* **What you are asked to do**:
Could you output the entire listing without altering anything?
══════════
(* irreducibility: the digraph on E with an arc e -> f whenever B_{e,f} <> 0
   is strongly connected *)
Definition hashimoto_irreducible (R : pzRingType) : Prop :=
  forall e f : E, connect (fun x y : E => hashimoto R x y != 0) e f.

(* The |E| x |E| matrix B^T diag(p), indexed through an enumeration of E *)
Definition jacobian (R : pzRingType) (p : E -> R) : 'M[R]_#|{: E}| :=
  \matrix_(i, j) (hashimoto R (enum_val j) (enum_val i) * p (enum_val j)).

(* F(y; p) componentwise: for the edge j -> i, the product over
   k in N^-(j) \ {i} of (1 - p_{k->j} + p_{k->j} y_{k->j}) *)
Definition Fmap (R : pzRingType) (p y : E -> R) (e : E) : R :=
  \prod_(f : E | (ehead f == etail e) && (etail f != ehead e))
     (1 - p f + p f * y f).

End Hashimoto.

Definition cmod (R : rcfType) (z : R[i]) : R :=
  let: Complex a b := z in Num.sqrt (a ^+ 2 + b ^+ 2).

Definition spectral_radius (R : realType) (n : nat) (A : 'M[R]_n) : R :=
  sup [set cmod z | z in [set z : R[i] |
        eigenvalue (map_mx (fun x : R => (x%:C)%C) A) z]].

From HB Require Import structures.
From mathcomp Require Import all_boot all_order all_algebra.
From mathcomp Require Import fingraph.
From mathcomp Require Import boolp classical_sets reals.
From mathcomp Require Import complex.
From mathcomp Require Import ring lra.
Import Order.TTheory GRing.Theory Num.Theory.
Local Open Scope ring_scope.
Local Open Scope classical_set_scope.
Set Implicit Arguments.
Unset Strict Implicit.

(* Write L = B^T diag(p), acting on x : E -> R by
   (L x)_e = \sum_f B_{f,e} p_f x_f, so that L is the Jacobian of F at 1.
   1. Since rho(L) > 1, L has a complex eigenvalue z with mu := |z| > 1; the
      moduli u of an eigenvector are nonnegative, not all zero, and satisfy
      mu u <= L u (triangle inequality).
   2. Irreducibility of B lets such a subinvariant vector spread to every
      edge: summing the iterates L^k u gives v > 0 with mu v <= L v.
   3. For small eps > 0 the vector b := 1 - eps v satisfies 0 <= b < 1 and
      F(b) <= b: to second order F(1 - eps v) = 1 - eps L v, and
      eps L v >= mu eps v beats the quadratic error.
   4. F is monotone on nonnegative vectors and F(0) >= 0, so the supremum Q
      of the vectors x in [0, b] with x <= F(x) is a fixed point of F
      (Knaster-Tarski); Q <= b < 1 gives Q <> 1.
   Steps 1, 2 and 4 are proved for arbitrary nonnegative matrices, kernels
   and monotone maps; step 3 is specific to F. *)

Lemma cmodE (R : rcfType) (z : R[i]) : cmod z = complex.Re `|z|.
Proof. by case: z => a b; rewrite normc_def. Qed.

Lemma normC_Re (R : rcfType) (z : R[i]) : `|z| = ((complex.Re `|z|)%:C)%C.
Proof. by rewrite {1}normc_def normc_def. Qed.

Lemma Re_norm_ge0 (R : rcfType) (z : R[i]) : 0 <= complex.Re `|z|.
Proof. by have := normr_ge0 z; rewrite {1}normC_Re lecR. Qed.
══════════
* **Exercise solution**:
(* irreducibility: the digraph on E with an arc e -> f whenever B_{e,f} <> 0
   is strongly connected *)
Definition hashimoto_irreducible (R : pzRingType) : Prop :=
  forall e f : E, connect (fun x y : E => hashimoto R x y != 0) e f.

(* The |E| x |E| matrix B^T diag(p), indexed through an enumeration of E *)
Definition jacobian (R : pzRingType) (p : E -> R) : 'M[R]_#|{: E}| :=
  \matrix_(i, j) (hashimoto R (enum_val j) (enum_val i) * p (enum_val j)).

(* F(y; p) componentwise: for the edge j -> i, the product over
   k in N^-(j) \ {i} of (1 - p_{k->j} + p_{k->j} y_{k->j}) *)
Definition Fmap (R : pzRingType) (p y : E -> R) (e : E) : R :=
  \prod_(f : E | (ehead f == etail e) && (etail f != ehead e))
     (1 - p f + p f * y f).

End Hashimoto.

Definition cmod (R : rcfType) (z : R[i]) : R :=
  let: Complex a b := z in Num.sqrt (a ^+ 2 + b ^+ 2).

Definition spectral_radius (R : realType) (n : nat) (A : 'M[R]_n) : R :=
  sup [set cmod z | z in [set z : R[i] |
        eigenvalue (map_mx (fun x : R => (x%:C)%C) A) z]].

From HB Require Import structures.
From mathcomp Require Import all_boot all_order all_algebra.
From mathcomp Require Import fingraph.
From mathcomp Require Import boolp classical_sets reals.
From mathcomp Require Import complex.
From mathcomp Require Import ring lra.
Import Order.TTheory GRing.Theory Num.Theory.
Local Open Scope ring_scope.
Local Open Scope classical_set_scope.
Set Implicit Arguments.
Unset Strict Implicit.

(* Write L = B^T diag(p), acting on x : E -> R by
   (L x)_e = \sum_f B_{f,e} p_f x_f, so that L is the Jacobian of F at 1.
   1. Since rho(L) > 1, L has a complex eigenvalue z with mu := |z| > 1; the
      moduli u of an eigenvector are nonnegative, not all zero, and satisfy
      mu u <= L u (triangle inequality).
   2. Irreducibility of B lets such a subinvariant vector spread to every
      edge: summing the iterates L^k u gives v > 0 with mu v <= L v.
   3. For small eps > 0 the vector b := 1 - eps v satisfies 0 <= b < 1 and
      F(b) <= b: to second order F(1 - eps v) = 1 - eps L v, and
      eps L v >= mu eps v beats the quadratic error.
   4. F is monotone on nonnegative vectors and F(0) >= 0, so the supremum Q
      of the vectors x in [0, b] with x <= F(x) is a fixed point of F
      (Knaster-Tarski); Q <= b < 1 gives Q <> 1.
   Steps 1, 2 and 4 are proved for arbitrary nonnegative matrices, kernels
   and monotone maps; step 3 is specific to F. *)

Lemma cmodE (R : rcfType) (z : R[i]) : cmod z = complex.Re `|z|.
Proof. by case: z => a b; rewrite normc_def. Qed.

Lemma normC_Re (R : rcfType) (z : R[i]) : `|z| = ((complex.Re `|z|)%:C)%C.
Proof. by rewrite {1}normc_def normc_def. Qed.

Lemma Re_norm_ge0 (R : rcfType) (z : R[i]) : 0 <= complex.Re `|z|.
Proof. by have := normr_ge0 z; rewrite {1}normC_Re lecR. Qed.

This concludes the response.